EXERCISE AIM: Nothing but the lines from the start of the entries through the line containing "set (A := RInt" should appear in the answer, each given exactly.

Stored data:
Lemma RInt_sq_nonneg f a b : a <= b -> cont_everywhere f -> 0 <= RInt (fun t => f t * f t) a b.
Proof.
  intros Hab H. apply RInt_ge_0; auto.
  - apply ex_RInt_cont. intro; cont.
  - intros. nra.
Qed.

(* Cauchy-Schwarz: the quadratic k |-> ||f - k g||^2 is nonnegative. *)
Lemma RInt_Cauchy_Schwarz f g a b : a <= b -> cont_everywhere f -> cont_everywhere g ->
  (RInt (fun t => f t * g t) a b) ^ 2
  <= RInt (fun t => f t * f t) a b * RInt (fun t => g t * g t) a b.
Proof.
  intros Hab Hf Hg.
  set (A := RInt (fun t => f t * f t) a b : R).
  set (B := RInt (fun t => f t * g t) a b : R).
  set (C := RInt (fun t => g t * g t) a b : R).
  assert (Hq : forall k, 0 <= A - 2 * k * B + k * k * C).
  { intros k.
    assert (E : RInt (fun t => (f t - k * g t) * (f t - k * g t)) a b = A - 2 * k * B + k * k * C).
    { rewrite (RInt_ext_all _ (fun t => (f t * f t - (2 * k) * (f t * g t)) + (k * k) * (g t * g t)))
        by (intros; ring).
      rewrite RInt_plus_cont, RInt_minus_cont, !RInt_scal_cont; [reflexivity|..];
        intro; cont. }
    rewrite <- E. apply RInt_sq_nonneg; auto. intro; cont. }
  assert (HA : 0 <= A) by (apply RInt_sq_nonneg; auto).
  assert (HC : 0 <= C) by (apply RInt_sq_nonneg; auto).
  destruct (Req_dec C 0) as [HC0|HC0].
  - destruct (Req_dec B 0) as [HB0|HB0].
    + rewrite HB0, HC0. lra.
    + specialize (Hq ((A + 1) / (2 * B))). rewrite HC0 in Hq.
      replace (A - 2 * ((A + 1) / (2 * B)) * B + (A + 1) / (2 * B) * ((A + 1) / (2 * B)) * 0)
        with (-1) in Hq by (field; auto).
      lra.
  - specialize (Hq (B / C)).
    replace (A - 2 * (B / C) * B + B / C * (B / C) * C) with (A - B * B / C) in Hq
      by (field; auto).
    assert (HBC : B * B / C * C <= A * C) by (apply Rmult_le_compat_r; lra).
    replace (B * B / C * C) with (B * B) in HBC by (field; auto). simpl. lra.
Qed.

Lemma RInt_partition (f : R -> R) (eta : nat -> R) : cont_everywhere f -> forall n,
  RInt f (eta 0%nat) (eta (S n)) = sum_f_R0 (fun i => RInt f (eta i) (eta (S i))) n.
Proof.
  intros Hf n. induction n; simpl; [reflexivity|].
  rewrite <- IHn. symmetry. apply RInt_Chasles_cont; auto.
Qed.

Lemma sum_f_R0_le_scal (X Y : nat -> R) K n : (forall i, (i <= n)%nat -> X i <= K * Y i) ->
  sum_f_R0 X n <= K * sum_f_R0 Y n.
Proof.
  induction n; intros H; simpl; [apply H; lia|].
  rewrite Rmult_plus_distr_l. apply Rplus_le_compat; [apply IHn; intros|]; apply H; lia.
Qed.

Lemma mesh_ge l eta i : (i <= l)%nat -> eta (S i) - eta i <= mesh l eta.
Proof.
  intros Hi. unfold mesh.
  assert (Hin : In (eta (S i) - eta i) (map (fun i => eta (S i) - eta i) (seq 0 (S l)))).
  { apply in_map_iff. exists i. split; auto. apply in_seq. lia. }
  induction (map _ _) as [|x L IH]; simpl in *; [contradiction|].
  destruct Hin as [->|Hin]; [apply Rmax_l|]. eapply Rle_trans; [apply IH, Hin|apply Rmax_r].
Qed.

Lemma mesh_le_T T l eta : is_partition T l eta -> mesh l eta <= T.
Proof.
  intros [H0 [HT Hs]]. unfold mesh.
  assert (Hle : forall x, In x (map (fun i => eta (S i) - eta i) (seq 0 (S l))) -> x <= T).
  { intros x Hx. apply in_map_iff in Hx. destruct Hx as [i [<- Hi]]. apply in_seq in Hi.
    assert (eta 0%nat <= eta i) by (apply (eta_mono l eta Hs); lia).
    assert (eta (S i) <= eta (S l)) by (apply (eta_mono l eta Hs); lia). lra. }
  assert (HT0 : 0 <= T) by (rewrite <- HT, <- H0; apply (eta_mono l eta Hs); lia).
  induction (map _ _) as [|x L IH]; simpl in *; auto.
  apply Rmax_lub; auto.
Qed.

Lemma cross_term_bound m A B : 0 <= A -> 0 <= B -> m * m <= A * B -> 2 * m <= A + B.
Proof.
  intros HA HB H. destruct (Rle_dec (2 * m) (A + B)) as [|Hn]; auto.
  assert ((A + B) * (A + B) < (2 * m) * (2 * m)) by (apply Rmult_le_0_lt_compat; lra).
  pose proof (pow2_ge_0 (A - B)). nra.
Qed.

Lemma combined_square_bound al be X Y Sx Sy P1 P2 :
  0 <= Sx -> 0 <= Sy -> 0 <= P1 -> 0 <= P2 ->
  X ^ 2 <= Sx * P1 -> Y ^ 2 <= Sy * P2 ->
  (al * X + be * Y) ^ 2 <= (al ^ 2 * Sx + be ^ 2 * Sy) * (P1 + P2).
Proof.
  intros H1 H2 H3 H4 H5 H6.
  pose proof (pow2_ge_0 al). pose proof (pow2_ge_0 be).
  assert (Hcross : 2 * (al * X * (be * Y)) <= al ^ 2 * Sx * P2 + be ^ 2 * Sy * P1).
  { apply cross_term_bound.
    - apply Rmult_le_pos; [apply Rmult_le_pos|]; auto.
    - apply Rmult_le_pos; [apply Rmult_le_pos|]; auto.
    - replace (al * X * (be * Y) * (al * X * (be * Y))) with ((al^2 * be^2) * (X^2 * Y^2)) by ring.
      replace (al ^ 2 * Sx * P2 * (be ^ 2 * Sy * P1)) with ((al^2 * be^2) * ((Sx * P1) * (Sy * P2)))
        by ring.
      apply Rmult_le_compat_l; [apply Rmult_le_pos; auto|].
      apply Rmult_le_compat; auto; apply pow2_ge_0. }
  assert (al ^ 2 * X ^ 2 <= al ^ 2 * (Sx * P1)) by (apply Rmult_le_compat_l; auto).
  assert (be ^ 2 * Y ^ 2 <= be ^ 2 * (Sy * P2)) by (apply Rmult_le_compat_l; auto).
  nra.
Qed.

Lemma RInt_sq_dist c d : RInt (fun s => (s - c) * (s - c)) c d = (d - c) ^ 3 / 3.
Proof.
  rewrite (RInt_antiderivative (fun s => (s - c) * (s - c) * (s - c) / 3)); [Req; field|..].
  - intros x. eapply derive_eq; [unfold Rdiv; apply derive_mult; der; apply derive_const|].
    simpl. Req; field.
  - intro; cont.
Qed.

Lemma RInt_sq_dist_right c d : RInt (fun s => (d - s) * (d - s)) c d = (d - c) ^ 3 / 3.
Proof.
  rewrite (RInt_ext_all _ (fun s => (s - d) * (s - d))) by (intros; ring).
  rewrite <- (opp_RInt_swap _ d c), RInt_sq_dist; [Req; unfold opp; simpl; field|].
  apply ex_RInt_cont; intro; cont.
Qed.

Section ElementError.
Variables p u1 U : R -> R.
Hypothesis Hu1 : forall x, is_derive u1 x (p x).
Hypothesis HU : forall x, is_derive U x (u1 x).
Hypothesis Hp : cont_everywhere p.
Variables a b : R.
Hypothesis Hab : a < b.

Let Cu1 : cont_everywhere u1 := derive_cont_everywhere u1 p Hu1.
Let CU : cont_everywhere U := derive_cont_everywhere U u1 HU.

Definition chord_error (t : R) := U t - (U a + (U b - U a) / (b - a) * (t - a)).

Lemma chord_error_pointwise t : a <= t <= b ->
  chord_error t ^ 2 <= (t - a) ^ 2 * (b - t) ^ 2 / (3 * (b - a)) * RInt (fun s => p s * p s) a b.
Proof.
  intros Ht.
  set (X := RInt (fun s => (s - a) * p s) a t).
  set (Y := RInt (fun s => (b - s) * p s) t b).
  (* Peano kernel representation: integrating by parts twice *)
  assert (HX : X = ((t - a) * u1 t - U t) - ((a - a) * u1 a - U a)).
  { unfold X. apply (RInt_antiderivative (fun s => (s - a) * u1 s - U s)).
    - intros x. eapply derive_eq; [der|]. simpl. Req; ring.
    - intro; cont. }
  assert (HY : Y = ((b - b) * u1 b + U b) - ((b - t) * u1 t + U t)).
  { unfold Y. apply (RInt_antiderivative (fun s => (b - s) * u1 s + U s)).
    - intros x. eapply derive_eq; [der|]. simpl. Req; ring.
    - intro; cont. }
  assert (Hid : chord_error t = - ((b - t) / (b - a) * X + (t - a) / (b - a) * Y)).
  { rewrite HX, HY. unfold chord_error. Req; field. lra. }
  assert (CX : X ^ 2 <= (t - a) ^ 3 / 3 * RInt (fun s => p s * p s) a t).
  { rewrite <- RInt_sq_dist. apply (RInt_Cauchy_Schwarz (fun s => s - a) p); try lra; auto.
    intro; cont. }
  assert (CY : Y ^ 2 <= (b - t) ^ 3 / 3 * RInt (fun s => p s * p s) t b).
  { rewrite <- RInt_sq_dist_right. apply (RInt_Cauchy_Schwarz (fun s => b - s) p); try lra; auto.
    intro; cont. }
  assert (Hch : RInt (fun s => p s * p s) a t + RInt (fun s => p s * p s) t b
                = RInt (fun s => p s * p s) a b).
  { apply RInt_Chasles_cont. intro; cont. }
  assert (P1 : 0 <= RInt (fun s => p s * p s) a t) by (apply RInt_sq_nonneg; auto; lra).
  assert (P2 : 0 <= RInt (fun s => p s * p s) t b) by (apply RInt_sq_nonneg; auto; lra).
  pose proof (combined_square_bound ((b - t) / (b - a)) ((t - a) / (b - a)) X Y
     ((t - a) ^ 3 / 3) ((b - t) ^ 3 / 3) _ _
     ltac:(apply Rdiv_le_0_compat; [apply pow_le; lra|lra])
     ltac:(apply Rdiv_le_0_compat; [apply pow_le; lra|lra]) P1 P2 CX CY) as HL.
  rewrite Hch in HL.
  rewrite Hid. replace ((- ((b - t) / (b - a) * X + (t - a) / (b - a) * Y)) ^ 2)
    with (((b - t) / (b - a) * X + (t - a) / (b - a) * Y) ^ 2) by ring.
  eapply Rle_trans; [apply HL|]. right. Req; field. lra.
Qed.

(* Integrating the pointwise bound, using
   int_a^b (t - a)^2 (b - t)^2 dt = (b - a)^5/30. *)
Lemma chord_error_L2 :
  RInt (fun t => chord_error t * chord_error t) a b
  <= (b - a) ^ 4 / 90 * RInt (fun s => p s * p s) a b.
Proof.
  set (P := RInt (fun s => p s * p s) a b).
  assert (Ce : cont_everywhere chord_error) by (intro; unfold chord_error; cont).
  eapply Rle_trans.
  - apply (RInt_le _ (fun t => (t - a) * (t - a) * ((b - t) * (b - t)) * (/ (3 * (b - a)) * P)));
      [lra|apply ex_RInt_cont; intro; cont..|].
    intros x Hx. pose proof (chord_error_pointwise x ltac:(lra)) as H. fold P in H.
    replace (chord_error x * chord_error x) with (chord_error x ^ 2) by ring.
    eapply Rle_trans; [apply H|]. right. field. lra.
  - right.
    rewrite (RInt_antiderivative (fun t => / (3 * (b - a)) * P *
      ((b - a) ^ 2 * (t - a) ^ 3 / 3 - (b - a) * (t - a) ^ 4 / 2 + (t - a) ^ 5 / 5))).
    + Req; field. lra.
    + intros x. auto_derive; auto. Req; field. lra.
    + intro. cont.
Qed.

End ElementError.
Lemma RInt_param_deriv :
  derivable_pt_lim (fun t => RInt (f t) 0 1) t0 (RInt (df t0) 0 1).
Proof.
  intros eps Heps.
  assert (Hm : 0 < Rmin d (eps / (C + 1)))
    by (apply Rmin_pos; [lra | apply Rdiv_lt_0_compat; lra]).
  exists (mkposreal _ Hm); simpl. intros h Hh0 Hh.
  assert (Hhd : Rabs h < d) by (eapply Rlt_le_trans; [exact Hh | apply Rmin_l]).
  assert (Hhe : Rabs h < eps / (C + 1)) by (eapply Rlt_le_trans; [exact Hh | apply Rmin_r]).
  assert (Hah : 0 < Rabs h) by now apply Rabs_pos_lt.
  pose proof (RInt_tangent_remainder h Hhd) as Hrem.
  replace ((RInt (f (t0 + h)) 0 1 - RInt (f t0) 0 1) / h - RInt (df t0) 0 1)
    with ((RInt (f (t0 + h)) 0 1 - RInt (f t0) 0 1 - h * RInt (df t0) 0 1) / h)
    by (field; auto).
  unfold Rdiv. rewrite Rabs_mult, Rabs_inv.
  apply Rle_lt_trans with (C * Rabs h).
  { apply Rmult_le_reg_r with (Rabs h); auto. rewrite Rmult_assoc, Rinv_l by lra. lra. }
  apply Rle_lt_trans with (C * (eps / (C + 1))); [apply Rmult_le_compat_l; lra |].
  apply Rmult_lt_reg_r with (C + 1); [lra |]. field_simplify; nra.
Qed.

End ParametricIntegral.

(** * The Gaussian integral

    With [gauss s = exp (-s^2/2)] and [Phi t = RInt gauss 0 t], the function
    [feynman t = RInt_0^1 exp(-t^2(1+x^2)/2)/(1+x^2) dx + Phi t ^ 2 / 2]
    has zero derivative, so it equals its value [atan 1 = PI/4] at [0].
    Since the first summand lies in [[0, exp(-t^2/2)]], this pins down
    [Phi t ^ 2] up to [2 exp(-t^2/2)], i.e. [RInt gauss (-K) K ~ sqrt (2 PI)]. *)

Definition gauss (s : R) : R := exp (- s ^ 2 / 2).
Definition feyn (t x : R) : R := exp (- (t ^ 2 * (1 + x ^ 2)) / 2) / (1 + x ^ 2).
Definition feyn_dt (t x : R) : R := - t * exp (- (t ^ 2 * (1 + x ^ 2)) / 2).
Definition gauss_prim (t : R) : R := RInt gauss 0 t.
Definition feynman (t : R) : R := RInt (feyn t) 0 1 + gauss_prim t ^ 2 / 2.
Let sum_part i : \sum_j ((part j == part i)%:R : R) = s%:R.
Proof. by rewrite -natr_sum sum_nat_pred card_part. Qed.

Let nR_sub_s : n%:R - s%:R = (q * s)%:R :> R.
Proof. by rewrite n_eq mulSnr natrD addrK. Qed.

Lemma complete_multipartite_mx_row_sum i : \sum_j A i j = (q * s)%:R.
Proof.
have -> : \sum_j A i j = \sum_j (1 - (part j == part i)%:R).
  by apply: eq_bigr => j _; rewrite mxE eq_sym; case: eqP; rewrite ?subr0 ?subrr.
by rewrite sumrB sumr_const card_ord sum_part.
Qed.

Let AE : A = J - P.
Proof. by apply/matrixP => i j; rewrite !mxE; case: eqP; rewrite ?subrr ?subr0. Qed.

Let PP : P *m P = s%:R *: P.
Proof.
apply/matrixP => i j; rewrite !mxE -(sum_part j) mulr_suml.
apply: eq_bigr => k _; rewrite !mxE -!natrM !mulnb; congr (_%:R).
by case: (eqVneq (part k) (part j)) => [->|_]; rewrite ?andbT ?andbF.
Qed.

Let JP : J *m P = s%:R *: J.
Proof.
apply/matrixP => i j; rewrite !mxE mulr1 -(sum_part j).
by apply: eq_bigr => k _; rewrite !mxE mul1r.
Qed.

Let PJ : P *m J = s%:R *: J.
Proof.
apply/matrixP => i j; rewrite !mxE mulr1 -(sum_part i).
by apply: eq_bigr => k _; rewrite !mxE mulr1 eq_sym.
Qed.

Let JJ : J *m J = n%:R *: J.
Proof.
apply/matrixP => i j; rewrite !mxE mulr1 -[n in RHS]card_ord -sumr_const.
by apply: eq_bigr => k _; rewrite !mxE mulr1.
Qed.

Let JA : J *m A = (q * s)%:R *: J.
Proof. by rewrite AE mulmxBr JJ JP -scalerBl nR_sub_s. Qed.

Let AJ : A *m J = (q * s)%:R *: J.
Proof. by rewrite AE mulmxBl JJ PJ -scalerBl nR_sub_s. Qed.

Let AP : A *m P = s%:R *: A.
Proof. by rewrite AE mulmxBl JP PP -scalerBr. Qed.

Lemma complete_multipartite_mx_sqr : A *m A = (q * s)%:R *: J - s%:R *: A.
Proof. by rewrite {2}AE mulmxBr AJ AP. Qed.

Lemma complete_multipartite_mx_cubic :
  A *m (A + s%:R%:M) *m (A - (q * s)%:R%:M) = 0.
Proof.
rewrite [A *m (_ + _)]mulmxDr mul_mx_scalar complete_multipartite_mx_sqr subrK.
by rewrite -scalemxAl mulmxBr JA mul_mx_scalar subrr scaler0.
Qed.

Lemma mxtrace_complete_multipartite_mx : \tr A = 0.
Proof. by apply: big1 => i _; rewrite mxE eqxx. Qed.

Lemma mxtrace_complete_multipartite_mx_sqr : \tr (A *m A) = (n * (n - s))%:R.
Proof.
rewrite complete_multipartite_mx_sqr raddfB /= !mxtraceZ mxtrace_complete_multipartite_mx.
rewrite mulr0 subr0 /mxtrace (eq_bigr (fun=> 1)) => [|i _]; last by rewrite mxE.
by rewrite sumr_const card_ord n_eq mulSnr addnK [RHS]natrM mulrC.
Qed.
End CompleteMultipartiteGraph.

Theorem char_poly_complete_multipartite_mx (R : numFieldType) (T : eqType) n
    (part : 'I_n -> T) (s q : nat) (c e : R) :
  (forall i, #|[pred j | part j == part i]| = s) -> n = (q.+1 * s)%N ->
  (0 < s)%N -> (0 < q)%N ->
  char_poly (c%:M + e *: complete_multipartite_mx R part) =
    ('X - c%:P) ^+ (n - q.+1) * ('X - (c - e * s%:R)%:P) ^+ q
      * ('X - (c + e * (q * s)%:R)%:P).
Proof.
case: n part => [|n] part card_part n_eq s_gt0 q_gt0; first by move: n_eq s_gt0; nia.
have [ne01 ne02 ne12] := complete_multipartite_eigenvalues_neq R s_gt0 q_gt0.
have uniq_eigen : uniq [:: 0; - s%:R; (q * s)%:R :> R].
  by rewrite /= !inE !negb_or ne01 ne02 ne12.
have annA : horner_mx (complete_multipartite_mx R part)
    (\prod_(r <- [:: 0; - s%:R; (q * s)%:R]) ('X - r%:P)) = 0.
  rewrite horner_mx_prod_XsubC !big_cons big_nil mulr1 -!mulmxE raddf0 subr0.
  by rewrite raddfN /= opprK mulmxA (complete_multipartite_mx_cubic R card_part n_eq).
have [V [d [Vu eA d_eigen]]] := uconj_diag_split_annihilator uniq_eigen annA.
have sum_d : \sum_i d 0 i = 0.
  by rewrite -mxtrace_diag -(mxtrace_uconj _ Vu) -eA mxtrace_complete_multipartite_mx.
have sum_d2 : \sum_i d 0 i ^+ 2 = (n.+1 * (n.+1 - s))%:R.
  rewrite -(mxtrace_complete_multipartite_mx_sqr R card_part n_eq) eA mulmx_uconj //.
  by rewrite mxtrace_uconj // mulmx_diag mxtrace_diag; apply: eq_bigr => i _; rewrite mxE expr2.
have [c0 c1 c2] := card_complete_multipartite_eigenvalues s_gt0 q_gt0 n_eq d_eigen sum_d sum_d2.
rewrite eA char_poly_uconj_diag // (prod_three_values (fun x => 'X - (c + e * x)%:P) d_eigen) //.
by rewrite c0 c1 c2 mulr0 addr0 mulrN expr1.
Qed.

Lemma card_enum_val_pred (T : finType) (A : {set T}) (P : pred T) :
  #|[pred i : 'I_#|A| | P (enum_val i)]| = #|[set x in A | P x]|.
Proof.
rewrite -(card_imset _ enum_val_inj); apply: eq_card => x; rewrite !inE.
apply/imsetP/andP => [[i Pi ->] | [Ax Px]]; first by rewrite enum_valP.
by exists (enum_rank_in Ax x); rewrite ?inE enum_rankK_in.
Qed.

Section CentreOfIndexP2.
Local Open Scope group_scope.
Variables (gT : finGroupType) (G : {group gT}) (p m : nat).
Hypotheses (p_pr : prime p) (oG : #|G| = (p ^ m)%N) (nabG : ~~ abelian G)
  (oZ : #|'Z(G)| = (p ^ (m - 2))%N).

Let p_gt1 : (1 < p)%N := prime_gt1 p_pr.

Lemma exponent_gt2 : (2 < m)%N.
Proof.
rewrite ltnNge; apply: contra nabG => le_m2.
apply: (p2group_abelian (p := p)); first by rewrite /pgroup oG pnatX pnat_id.
by rewrite oG pfactorK.
Qed.

Let oG_sub (K : {group gT}) : K \subset G -> exists2 e, (e <= m)%N & #|K| = (p ^ e)%N.
Proof. by move=> sKG; apply/(dvdn_pfactor _ _ p_pr); rewrite -oG cardSg. Qed.

Lemma card_proper_center_sub (K : {group gT}) :
  'Z(G) \proper K -> K \subset G -> (p ^ (m - 1) <= #|K|)%N.
Proof.
move=> ltZK /oG_sub[e le_em oK].
have := cardSg (proper_sub ltZK); rewrite oZ oK dvdn_Pexp2l // => le_e.
have := proper_card ltZK; rewrite oZ oK ltn_exp2l // => lt_e.
by rewrite leq_exp2l //; lia.
Qed.

Lemma card_proper_sub (K : {group gT}) : K \proper G -> (#|K| <= p ^ (m - 1))%N.
Proof.
move=> ltKG; have [e le_em oK] := oG_sub (proper_sub ltKG).
have := proper_card ltKG; rewrite oG oK ltn_exp2l // => lt_em.
by rewrite leq_exp2l //; lia.
Qed.

Local Notation noncentral := (G :\: 'Z(G)).

Lemma center_sub_cent1 x : x \in G -> 'Z(G) \subset 'C_G[x].
Proof.
move=> Gx; apply/subsetP => z /centerP[Gz cGz].
by apply/subcent1P; split; last exact/commute_sym/cGz.
Qed.

Lemma card_cent1_noncentral x : x \in noncentral -> #|'C_G[x]| = (p ^ (m - 1))%N.
Proof.
case/setDP => Gx notZx; apply/eqP; rewrite eqn_leq; apply/andP; split.
  apply: card_proper_sub; rewrite properEneq subcent1_sub andbT.
  apply: contra notZx => /eqP eCG; apply/centerP; split=> // y Gy.
  by have /subcent1P[] : y \in 'C_G[x] by rewrite eCG.
apply: card_proper_center_sub; last exact: subcent1_sub.
rewrite properEneq center_sub_cent1 // andbT.
by apply: contraNneq notZx => ->; rewrite subcent1_id.
Qed.

(* 'C_G[x] :&: 'C_G[y] properly contains 'Z(G) (it contains x), so it is as large as both. *)
Lemma cent1_noncentral_commute x y : x \in noncentral -> y \in noncentral ->
  commute x y -> 'C_G[x] = 'C_G[y].
Proof.
move=> ncx ncy cxy; have [[Gx notZx] [Gy _]] := (setDP ncx, setDP ncy).
pose K := ('C_G[x] :&: 'C_G[y])%G.
have Kx : x \in K by rewrite inE subcent1_id //; apply/subcent1P.
have ltZK : 'Z(G) \proper K.
  rewrite properEneq subsetI !center_sub_cent1 // !andbT.
  by apply: contraNneq notZx => ->.
have oK := card_proper_center_sub ltZK (subset_trans (subsetIl _ _) (subcent1_sub x G)).
have eK z : z \in noncentral -> K \subset 'C_G[z] -> K :=: 'C_G[z].
  by move=> ncz sKC; apply/eqP; rewrite eqEcard sKC card_cent1_noncentral.
by rewrite -(eK x) ?subsetIl // -(eK y) ?subsetIr.
Qed.

Lemma der1_sub_center : G^`(1) \subset 'Z(G).
Proof.
have nZG := normal_norm (center_normal G).
apply: (der1_min nZG); apply: (card_p2group_abelian p_pr).
rewrite card_quotient // -divgS ?center_sub // oG oZ -expnB ?prime_gt0 ?leq_subr //.
by congr (_ ^ _)%N; have := exponent_gt2; lia.
Qed.

(* x ^ g = x * [~ x, g], and the commutator is central. *)
Lemma commute_conjg x g : x \in G -> g \in G -> commute x (x ^ g).
Proof.
move=> Gx Gg; have /centerP[_ cZ] : [~ x, g] \in 'Z(G).
  by apply: (subsetP der1_sub_center); rewrite derg1 mem_commg.
by rewrite conjg_mulR; apply: commuteM => //; apply/commute_sym/cZ.
Qed.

TASK RESPONSE:
Lemma RInt_sq_nonneg f a b : a <= b -> cont_everywhere f -> 0 <= RInt (fun t => f t * f t) a b.
Proof.
  intros Hab H. apply RInt_ge_0; auto.
  - apply ex_RInt_cont. intro; cont.
  - intros. nra.
Qed.

(* Cauchy-Schwarz: the quadratic k |-> ||f - k g||^2 is nonnegative. *)
Lemma RInt_Cauchy_Schwarz f g a b : a <= b -> cont_everywhere f -> cont_everywhere g ->
  (RInt (fun t => f t * g t) a b) ^ 2
  <= RInt (fun t => f t * f t) a b * RInt (fun t => g t * g t) a b.
Proof.
  intros Hab Hf Hg.
  set (A := RInt (fun t => f t * f t) a b : R).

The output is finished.